TASK ITEM> Starting at the line with "From Stdlib Require Import Classical", set down each line of the entries below through the last one, exactly as it stands.

MATERIAL SUPPLIED>
(* Let $p$ be an odd prime, let $\mathcal{Y}$ be an expansion of $(\mathbb{Z}_p,+,\operatorname{Val}_p)$, and let $\mathcal{Z}$ be the structure induced on $\mathbb{Z}$ by $\mathcal{Y}$. Suppose $\mathcal{Y}$ is dp-minimal and every $\mathcal{Z}$-definable subset of $\mathbb{Z}^n$ is of the form $X\cap Y$, where $X$ is a $\mathcal{Y}$-definable subset of $\mathbb{Z}_p^n$ and $Y$ is a $(\mathbb{Z},+)$-definable subset of $\mathbb{Z}^n$. Then $\mathcal{Z}$ is dp-minimal.
   Context: ''Definable'' means definable with parameters. The structure induced on $\mathbb{Z}\subseteq\mathbb{Z}_p$ by $\mathcal{Y}$ has an $n$-ary relation defining $\mathbb{Z}^n\cap W$ for each $\mathcal{Y}$-definable $W\subseteq\mathbb{Z}_p^n$. $(\mathbb{Z}_p,+,\operatorname{Val}_p)$ denotes the additive group of $p$-adic integers with the relation $\operatorname{Val}_p(a)\le\operatorname{Val}_p(b)$. *)

From mathcomp Require Import all_boot all_order all_algebra.
Set Implicit Arguments. Unset Strict Implicit. Unset Printing Implicit Defensive.

Definition rset (M : Type) (n : nat) := ('I_n -> M) -> Prop.

Definition cons_fun (M : Type) (n : nat) (a : M) (x : 'I_n -> M) : 'I_n.+1 -> M :=
  fun i => match unlift ord0 i with Some j => x j | None => a end.

(* A structure on M is given by a family B of basic relations (B n A means A is
   a basic n-ary relation).  [definable B n A]: A is definable WITH PARAMETERS,
   i.e. first-order definable, generated from basic relations, equality and
   singletons {c} by complement, union, substitution of variables (reindexing
   by any map 'I_m -> 'I_n) and existential quantification (projection). *)
Inductive definable (M : Type) (B : forall n, rset M n -> Prop) :
    forall n, rset M n -> Prop :=
| def_basic n (A : rset M n) : B n A -> definable B A
| def_eq : definable B (fun x : 'I_2 -> M => x ord0 = x ord_max)
| def_const (c : M) : definable B (fun x : 'I_1 -> M => x ord0 = c)
| def_compl n (A : rset M n) : definable B A -> definable B (fun x => ~ A x)
| def_union n (A A' : rset M n) :
    definable B A -> definable B A' -> definable B (fun x => A x \/ A' x)
| def_reindex m n (f : 'I_m -> 'I_n) (A : rset M m) :
    definable B A -> definable B (fun x : 'I_n -> M => A (fun i => x (f i)))
| def_proj n (A : rset M n.+1) :
    definable B A -> definable B (fun x : 'I_n -> M => exists a, A (cons_fun a x)).

Definition single_rel (M : Type) (k : nat) (R : rset M k) : forall n, rset M n -> Prop :=
  fun n A => exists e : k = n, A = eq_rect k (rset M) R n e.

(* dp-minimality: no ICT pattern of depth 2 in a single variable.  Stated in the
   standard compactness-equivalent finitary form inside the structure itself:
   there are no definable D(x;y), E(x;z) (x a single variable, parameters
   allowed) such that for every N there are a_0..a_{N-1}, b_0..b_{N-1} with,
   for all i, j < N, some c satisfying D(c,a_i') <-> i' = i and
   E(c,b_j') <-> j' = j for all i', j' < N. *)
Definition dp_minimal (M : Type) (B : forall n, rset M n -> Prop) : Prop :=
  ~ exists (k l : nat) (D : rset M k.+1) (E : rset M l.+1),
      definable B D /\ definable B E /\
      forall N : nat, exists (a : nat -> 'I_k -> M) (b : nat -> 'I_l -> M),
        forall i j, i < N -> j < N -> exists c : M,
          (forall i', i' < N -> (D (cons_fun c (a i')) <-> i' = i)) /\
          (forall j', j' < N -> (E (cons_fun c (b j')) <-> j' = j)).

(* Z_p = inverse limit of Z/p^n Z: coherent sequences of residues f n < p^n. *)
Definition Zp_coh (p : nat) (f : nat -> nat) : Prop :=
  forall n, f n < p ^ n /\ f n.+1 %% p ^ n = f n.
Definition padic (p : nat) := {f : nat -> nat | Zp_coh p f}.

Definition Zp_add_graph (p : nat) : rset (padic p) 3 := fun x =>
  forall n, (proj1_sig (x ord0) n + proj1_sig (x (lift ord0 ord0)) n) %% p ^ n
            = proj1_sig (x ord_max) n.

(* Val_p(a) <= Val_p(b): Val_p(a) = sup {n | p^n divides a}, and p^n divides a
   iff its residue mod p^n is 0; so Val(a) <= Val(b) iff every p^n dividing a
   divides b. *)
Definition Zp_val_le (p : nat) : rset (padic p) 2 := fun x =>
  forall n, proj1_sig (x ord0) n = 0 -> proj1_sig (x ord_max) n = 0.

Definition Z_emb (p : nat) (z : int) (a : padic p) : Prop :=
  forall n, (z %% (Posz (p ^ n)))%Z = Posz (proj1_sig a n).

Definition restrZ (p n : nat) (W : rset (padic p) n) : rset int n := fun x =>
  exists y : 'I_n -> padic p, (forall i, @Z_emb p (x i) (y i)) /\ W y.

Definition induced (p : nat) (B : forall n, rset (padic p) n -> Prop) :
    forall n, rset int n -> Prop :=
  fun n A => exists W : rset (padic p) n, definable B W /\ A = restrZ W.

Definition Z_add_graph : rset int 3 := fun x => (x ord0 + x (lift ord0 ord0))%R = x ord_max.
Definition Zplus : forall n, rset int n -> Prop := single_rel Z_add_graph.

From mathcomp Require Import all_boot all_order all_algebra.
From mathcomp Require Import zify ring.
From Stdlib Require Import Classical FunctionalExtensionality PropExtensionality.
From Stdlib Require Import ProofIrrelevance ClassicalEpsilon.
Set Implicit Arguments. Unset Strict Implicit. Unset Printing Implicit Defensive.
Import GRing.Theory Num.Theory.

(* Quantifier elimination for (Z, +) without order shows that a (Z, +)-definable set is
   invariant under moving a point within a residue class modulo some m <> 0 while keeping
   the truth values of finitely many linear equations phi_t(x) = e_t.  Hence, once the
   residue of the distinguished variable c is fixed, a Z-definable relation
   D(c; a) = X(c, a) /\ Y(c, a) agrees on Z with a relation D'(c; a') definable in Z_p,
   whose parameters a' are integers computed from a and that residue: an equation
   c * l + s = e becomes the conditions l | e - s and (l = 0 or c = (e - s) / l).
   Given an ICT pattern in Z of large depth, a double pigeonhole argument on the residues
   of its witnesses yields an N x N subpattern on which these residues are constant, and
   the relations D', E' then form an ICT pattern of depth N in Z_p, contradicting its
   dp-minimality. *)

(** * Definability *)

Lemma cons_fun0 (M : Type) n (a : M) (x : 'I_n -> M) : cons_fun a x ord0 = a.
Proof. by rewrite /cons_fun unlift_none. Qed.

TASK ANSWER>
From Stdlib Require Import Classical FunctionalExtensionality PropExtensionality.
From Stdlib Require Import ProofIrrelevance ClassicalEpsilon.
Set Implicit Arguments. Unset Strict Implicit. Unset Printing Implicit Defensive.
Import GRing.Theory Num.Theory.

(* Quantifier elimination for (Z, +) without order shows that a (Z, +)-definable set is
   invariant under moving a point within a residue class modulo some m <> 0 while keeping
   the truth values of finitely many linear equations phi_t(x) = e_t.  Hence, once the
   residue of the distinguished variable c is fixed, a Z-definable relation
   D(c; a) = X(c, a) /\ Y(c, a) agrees on Z with a relation D'(c; a') definable in Z_p,
   whose parameters a' are integers computed from a and that residue: an equation
   c * l + s = e becomes the conditions l | e - s and (l = 0 or c = (e - s) / l).
   Given an ICT pattern in Z of large depth, a double pigeonhole argument on the residues
   of its witnesses yields an N x N subpattern on which these residues are constant, and
   the relations D', E' then form an ICT pattern of depth N in Z_p, contradicting its
   dp-minimality. *)

(** * Definability *)

Lemma cons_fun0 (M : Type) n (a : M) (x : 'I_n -> M) : cons_fun a x ord0 = a.
Proof. by rewrite /cons_fun unlift_none. Qed.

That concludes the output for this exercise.